Contents
INTRODUCTION
In our planet of 7.4 billion humans, 285 million are visually impaired out of whom 39 million people are completely blind, i.e. have no vision at all, and 246 million have mild or severe visual impairment (WHO, 2011). It has been predicted that by the year 2020, these numbers will rise to 75 million blind and 200 million people with visual impairment [5]. As reading is of prime importance in the daily routine (text being present everywhere from newspapers, commercial products, sign-boards, digital screens etc.) of mankind, visually impaired people face a lot of difficulties. Our device assists the visually impaired by reading out the text to them. There have been numerous advances in this area to help visually impaired to read without much difficulties. The existing technologies use a similar approach as mentioned in this paper, but they have certain drawbacks. Firstly, the input images taken in previous works have no complex background, i.e. the test inputs are printed on a plain white sheet. It is easy to convert such images to text without pre-processing, but such an approach will not be useful in a real-time system [1][2][3]. Also, in methods that use segmentation of characters for recognition, the characters will be read out as individual letter and not a complete word. This gives an undesirable audio output to the user. For our project, we wanted the device to be able to detect the text from any complex background and read it efficiently. Inspired by the methodology used by Apps such as “CamScanner”, we assumed that in any complex background, the text will most likely be enclosed in a box eg billboards, screens etc. By being able to detect a region enclosing four points, we assume that this is the required region containing the text. This is done using warping and cropping. The new image obtained then undergoes edge detection and a boundary is then drawn over the letters. This gives it more definition. The image is then processed by the OCR and TTS to give audio ouput.
2. MOTIVATION
Our device is designed for people with mild or moderate visual impairment by providing the capability to listen to the text. It can also act as a learning aid for people suffering from dyslexia or other learning disabilities that involve difficulty in reading or interpreting words and letters. We wish to enable these people to be independent and self-reliant as they will no longer need assistance to understand printed text. Such people will always have access to information hence they will never feel at a disadvantage. The impact of the development and introduction of our system into the technological world will be a revolutionary boon to modern civilization.
3. PROBLEM STATEMENT
Visual impairment people uses braille system for witting and reading purposes. The visually impaired person feels the arrangement of the raised dots which conveys the information and are very difficult so keeping these things in mind we have designed our system in such a way that reading any book for blind people become easier. The braille system is very difficult and time consuming so if we can convert a text to audio then it would be very faster and easier.
4. OBJECTIVES
The objectives of our project are:
- To extract information (text) and convert them into digital form and then recite it accordingly.

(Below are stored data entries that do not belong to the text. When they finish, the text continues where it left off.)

Lemma ge0_integral_integralM d1 d2 (T1 : measurableType d1) (T2 : measurableType d2)
    (R : realType) (mu : {measure set T1 -> \bar R}) (nu : {measure set T2 -> \bar R})
    (g : T1 -> R) (h : T2 -> R) :
  (forall s, 0 <= g s) -> (forall t, 0 <= h t) ->
  measurable_fun setT g -> measurable_fun setT h ->
  (\int[mu]_s \int[nu]_t (g s * h t)%:E =
   (\int[mu]_s (g s)%:E) * \int[nu]_t (h t)%:E)%E.
Proof.
move=> g0 h0 mg mh.
transitivity (\int[mu]_s ((g s)%:E * \int[nu]_t (h t)%:E))%E.
  apply: eq_integral => s _; under eq_integral do rewrite EFinM.
  by apply: ge0_integralZl_EFin => // [t _|]; [rewrite lee_fin | exact/measurable_EFinP].
apply: ge0_integralZr => //; first exact/measurable_EFinP.
  by move=> s _; rewrite lee_fin.
by apply: integral_ge0 => t _; rewrite lee_fin.
Qed.

Lemma dcov2_le_integral_cf_var dO (O : measurableType dO) (R : realType)
    (P : probability O R) (m n : nat) (X : O -> m.-tuple R) (Y : O -> n.-tuple R)
    (mu : {measure set (m.-tuple R) -> \bar R})
    (nu : {measure set (n.-tuple R) -> \bar R}) :
  measurable_fun setT X -> measurable_fun setT Y ->
  measurable_fun setT (cf_var P X) -> measurable_fun setT (cf_var P Y) ->
  (dcov2 P mu nu X Y <=
   (\int[mu]_s (cf_var P X s)%:E) * \int[nu]_t (cf_var P Y t)%:E)%E.
Proof.
move=> mX mY mcX mcY.
have gap_ge0 s t : (0 <= (cf_gap2 P X Y s t)%:E)%E.
  by rewrite lee_fin /cf_gap2 addr_ge0 ?sqr_ge0.
rewrite -ge0_integral_integralM // => [|s|t]; try exact: cf_var_ge0.
apply: ge0_le_integral_nonmeasurable => s; first exact: integral_ge0.
apply: ge0_le_integral_nonmeasurable => t //.
by rewrite lee_fin cf_gap2_le_cf_var.
Qed.
(* Let $\varepsilon>0$ and choose $\alpha$ with $0<\alpha\leq \varepsilon/(2M)$. If a pair $(x,s)\in\mathrm{dom}\, h\times\mathbb{R}^n$ satisfies $\phi^\alpha(x)+\psi^\alpha(s)\leq\varepsilon/2$, then $\phi(x)-\phi_*\leq \varepsilon$.
   Context: Let $\|\cdot\|$ be a norm on $\mathbb{R}^n$ with dual norm $\|\cdot\|_*$. Let $f:\mathbb{R}^n\to\mathbb{R}$ be convex, differentiable and $L$-smooth ($L>0$) with respect to $\|\cdot\|$, and let $h:\mathbb{R}^n\to(-\infty,\infty]$ be closed proper convex with bounded domain $\mathrm{dom}\, h$. Let $w:\mathbb{R}^n\to[0,+\infty]$ be non-negative, closed, and $1$-strongly convex with respect to $\|\cdot\|$ on $\mathrm{dom}\, h$, with $M:=\max_{x\in\mathrm{dom}\, h}w(x)<\infty$. Define $\phi=f+h$, $\phi_*=\min_{x\in\mathbb{R}^n}\phi(x)$, and for $\alpha>0$: $h^\alpha=h+\alpha w$, $\phi^\alpha=f+h^\alpha$, and $\psi^\alpha(z)=(h^\alpha)^*(-z)+f^*(z)$, where $g^*(y)=\sup_x\{\langle y,x\rangle-g(x)\}$ denotes the convex conjugate. *)

From HB Require Import structures.
From mathcomp Require Import all_boot all_order all_algebra.
From mathcomp Require Import all_classical all_reals all_analysis.
Set Implicit Arguments. Unset Strict Implicit. Unset Printing Implicit Defensive.
Import Order.TTheory GRing.Theory Num.Theory.
Import numFieldNormedType.Exports.
Local Open Scope classical_set_scope.
Local Open Scope ring_scope.

Section Defs.
Variables (R : realType) (n : nat).
Local Notation V := 'rV[R]_n.

Definition dotv (y x : V) : R := \sum_(i < n) y ord0 i * x ord0 i.

Definition is_norm (N : V -> R) : Prop :=
  [/\ forall x, N x = 0 -> x = 0,
      forall (a : R) x, N (a *: x) = `|a| * N x &
      forall x y, N (x + y) <= N x + N y].

Definition dual_norm (N : V -> R) (y : V) : \bar R :=
  ereal_sup [set (dotv y x)%:E | x in [set x | N x <= 1]].

Definition grad (f : V -> R) (x : V) : V := \row_(i < n) ('d f x (delta_mx 0 i)).

Definition convex_fun (f : V -> R) : Prop :=
  forall (x y : V) (t : R), 0 < t < 1 ->
    f (t *: x + (1 - t) *: y) <= t * f x + (1 - t) * f y.

Definition L_smooth (N : V -> R) (L : R) (f : V -> R) : Prop :=
  forall x y, (dual_norm N (grad f x - grad f y) <= (L * N (x - y))%:E)%E.

(* extended-real valued functions R^n -> (-oo, +oo] *)
Definition dom (g : V -> \bar R) : set V := [set x | (g x < +oo)%E].

Definition convex_efun (g : V -> \bar R) : Prop :=
  forall (x y : V) (t : R), 0 < t < 1 ->
    (g ((t *: x + (1 - t) *: y)%R) <= t%:E * g x + ((1 - t)%R)%:E * g y)%E.

Definition proper_efun (g : V -> \bar R) : Prop :=
  (forall x, g x != -oo%E) /\ exists x, (g x < +oo)%E.

Definition closed_efun (g : V -> \bar R) : Prop := lower_semicontinuous g.

Definition strongly_convex_on (N : V -> R) (D : set V) (g : V -> \bar R) : Prop :=
  forall (x y : V) (t : R), D x -> D y -> 0 < t < 1 ->
    (g ((t *: x + (1 - t) *: y)%R) <=
       t%:E * g x + ((1 - t)%R)%:E * g y - ((t * (1 - t) / 2 * N (x - y) ^+ 2)%R)%:E)%E.

Definition conj_efun (g : V -> \bar R) (y : V) : \bar R :=
  ereal_sup [set ((dotv y x)%:E - g x)%E | x in [set: V]].

Definition conj_fun (f : V -> R) (y : V) : \bar R :=
  ereal_sup [set (dotv y x - f x)%:E | x in [set: V]].

Definition phi (f : V -> R) (h : V -> \bar R) (x : V) : \bar R := ((f x)%:E + h x)%E.

(* phi_* = min_x phi(x) (taken as the infimum; attained under the hypotheses) *)
Definition phi_star (f : V -> R) (h : V -> \bar R) : \bar R :=
  ereal_inf [set phi f h x | x in [set: V]].

Definition h_alpha (h w : V -> \bar R) (alpha : R) (x : V) : \bar R :=
  (h x + alpha%:E * w x)%E.

Definition phi_alpha (f : V -> R) (h w : V -> \bar R) (alpha : R) (x : V) : \bar R :=
  ((f x)%:E + h_alpha h w alpha x)%E.

Definition psi_alpha (f : V -> R) (h w : V -> \bar R) (alpha : R) (z : V) : \bar R :=
  (conj_efun (h_alpha h w alpha) (- z) + conj_fun f z)%E.

End Defs.

From HB Require Import structures.
From mathcomp Require Import all_boot all_order all_algebra.
From mathcomp Require Import all_classical all_reals all_analysis.
From mathcomp Require Import lra.
Set Implicit Arguments. Unset Strict Implicit.
Import Order.TTheory GRing.Theory Num.Theory.
Import numFieldNormedType.Exports.
Local Open Scope classical_set_scope.
Local Open Scope ring_scope.

(* Weak duality (Fenchel-Young applied to f and h^alpha at the same point u)
   gives psi^alpha(s) >= -phi^alpha(u) for every u, hence
   phi^alpha(x) <= phi^alpha(u) + eps/2.  On dom h the regularization alpha w
   lies in [0, alpha M] with alpha M <= eps/2, so passing from phi^alpha back
   to phi costs at most another eps/2. *)

Lemma sube_ereal_inf_le (R : realType) (T : Type) (F : T -> \bar R)
    (a : \bar R) (e : R) :
  (forall t, (a <= F t + e%:E)%E) ->
  (a - ereal_inf [set F t | t in [set: T]] <= e%:E)%E.
Proof.
move=> le_aF; rewrite lee_subel_addr // addeC -leeBlDr //.
by apply/ereal_infP => _ [t _ <-]; rewrite leeBlDr ?le_aF.
Qed.

Section Conjugates.
Variables (R : realType) (n : nat).
Local Notation V := 'rV[R]_n.

Lemma dotvN (s u : V) : dotv (- s) u = - dotv s u.
Proof. by rewrite /dotv -sumrN; apply: eq_bigr => i _; rewrite mxE mulNr. Qed.

Lemma conj_efun_ge (g : V -> \bar R) (y u : V) :
  ((dotv y u)%:E - g u <= conj_efun g y)%E.
Proof. by apply: ereal_sup_ubound; exists u. Qed.

Lemma conj_fun_ge (f : V -> R) (y u : V) :
  ((dotv y u - f u)%:E <= conj_fun f y)%E.
Proof. by apply: ereal_sup_ubound; exists u. Qed.

Lemma fenchel_weak_duality (f : V -> R) (g : V -> \bar R) (s u : V) :
  (- ((f u)%:E + g u) <= conj_efun g (- s) + conj_fun f s)%E.
Proof.
have conj_f := conj_fun_ge f s u.
have := conj_efun_ge g (- s) u; case: (g u) => [r| |] conj_g.
- apply: le_trans (leeD conj_g conj_f); rewrite -!EFinD lee_fin dotvN; lra.
- by rewrite addey // leNye.
- rewrite /= addey // leye_eq in conj_g; rewrite (eqP conj_g).
  by rewrite addye ?leey // gt_eqF // (lt_le_trans (ltNyr _) conj_f).
Qed.

End Conjugates.

Section Regularization.
Variables (R : realType) (n : nat).
Local Notation V := 'rV[R]_n.
Variables (f : V -> R) (h w : V -> \bar R) (alpha M : R).
Hypothesis alpha_ge0 : 0 <= alpha.
Hypothesis w_ge0 : forall y, (0 <= w y)%E.
Hypothesis w_le_M : forall y, dom h y -> (w y <= M%:E)%E.

Lemma phi_le_phi_alpha u : (phi f h u <= phi_alpha f h w alpha u)%E.
Proof. by rewrite /phi_alpha /h_alpha addeA leeDl // mule_ge0. Qed.

Lemma phi_alpha_le_phi u : dom h u ->
  (phi_alpha f h w alpha u <= phi f h u + (alpha * M)%:E)%E.
Proof.
move=> hu; rewrite /phi_alpha /h_alpha addeA EFinM.
by apply/leeD2l/lee_wpmul2l; [rewrite lee_fin|exact: w_le_M].
Qed.

Lemma fin_num_phi_alpha u : (h u != -oo)%E -> dom h u ->
  phi_alpha f h w alpha u \is a fin_num.
Proof.
move=> hu_noo hu; have w_fin : w u \is a fin_num.
  by rewrite fin_numE gt_eqF ?(lt_le_trans (ltNyr 0) (w_ge0 u)) // lt_eqF //
    (le_lt_trans (w_le_M hu)) ?ltry.
rewrite /phi_alpha /h_alpha !fin_numD fin_numM // andbT /=.
by rewrite fin_numE hu_noo lt_eqF.
Qed.

End Regularization.

Theorem lemma2p1 (R : realType) (n : nat)
  (N : 'rV[R]_n -> R) (f : 'rV[R]_n -> R) (h w : 'rV[R]_n -> \bar R)
  (L M eps alpha : R) (x s : 'rV[R]_n) :
  is_norm N ->
  convex_fun f -> (forall y, differentiable f y) -> 0 < L -> L_smooth N L f ->
  proper_efun h -> closed_efun h -> convex_efun h ->
  (exists B : R, forall y, dom h y -> N y <= B) ->
  (forall y, (0 <= w y)%E) -> closed_efun w ->
  strongly_convex_on N (dom h) w ->
  (exists2 y0, dom h y0 & w y0 = M%:E) ->
  (forall y, dom h y -> (w y <= M%:E)%E) ->
  0 < eps -> 0 < alpha -> alpha * (2 * M) <= eps ->
  dom h x ->
  (phi_alpha f h w alpha x + psi_alpha f h w alpha s <= (eps / 2)%:E)%E ->
  (phi f h x - phi_star f h <= eps%:E)%E.
Proof.
move=> _ _ _ _ _ [h_noo _] _ _ _ w_ge0 _ _ _ w_le_M _ /ltW alpha_ge0 alphaM _ gap.
apply: sube_ereal_inf_le => u.
have [hu|] := boolP (h u < +oo)%E; last first.
  by rewrite ltey negbK /phi => /eqP ->; rewrite addey // addye // leey.
have gap_u : (phi_alpha f h w alpha x - phi_alpha f h w alpha u <= (eps / 2)%:E)%E.
  exact: le_trans (leeD2l _ (fenchel_weak_duality f _ s u)) gap.
have fin_u := fin_num_phi_alpha f alpha w_ge0 w_le_M (h_noo u) hu.
rewrite leeBlDr // in gap_u.
apply: le_trans (phi_le_phi_alpha f h alpha_ge0 w_ge0 x) _.
apply: le_trans gap_u _; rewrite addeC.
apply: le_trans (leeD2r _ (phi_alpha_le_phi f alpha_ge0 w_le_M hu)) _.
rewrite -addeA -EFinD; apply: leeD2l; rewrite lee_fin; lra.
Qed.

- To be as effective medium for communication.
5. LITERATURE REVIEW
Visual impairment or vision loss is defined as the decreased ability to see clearly and cannot be fixed using glasses. Blindness is the term used for complete vision loss. The common causes of vision loss are uncorrected refractive errors, cataracts and glaucoma. People with visual impairment face a number of difficulties in normal daily activities like walking, driving and reading.[6]
Braille
Braille is writing and reading system used people who have visual impairment. Braille language is written on embossed paper. The braille characters are small rectangular blocks called cells that contain bumps called raised dots. The visually impaired person feels the arrangement of the raised dots which conveys the information. [7]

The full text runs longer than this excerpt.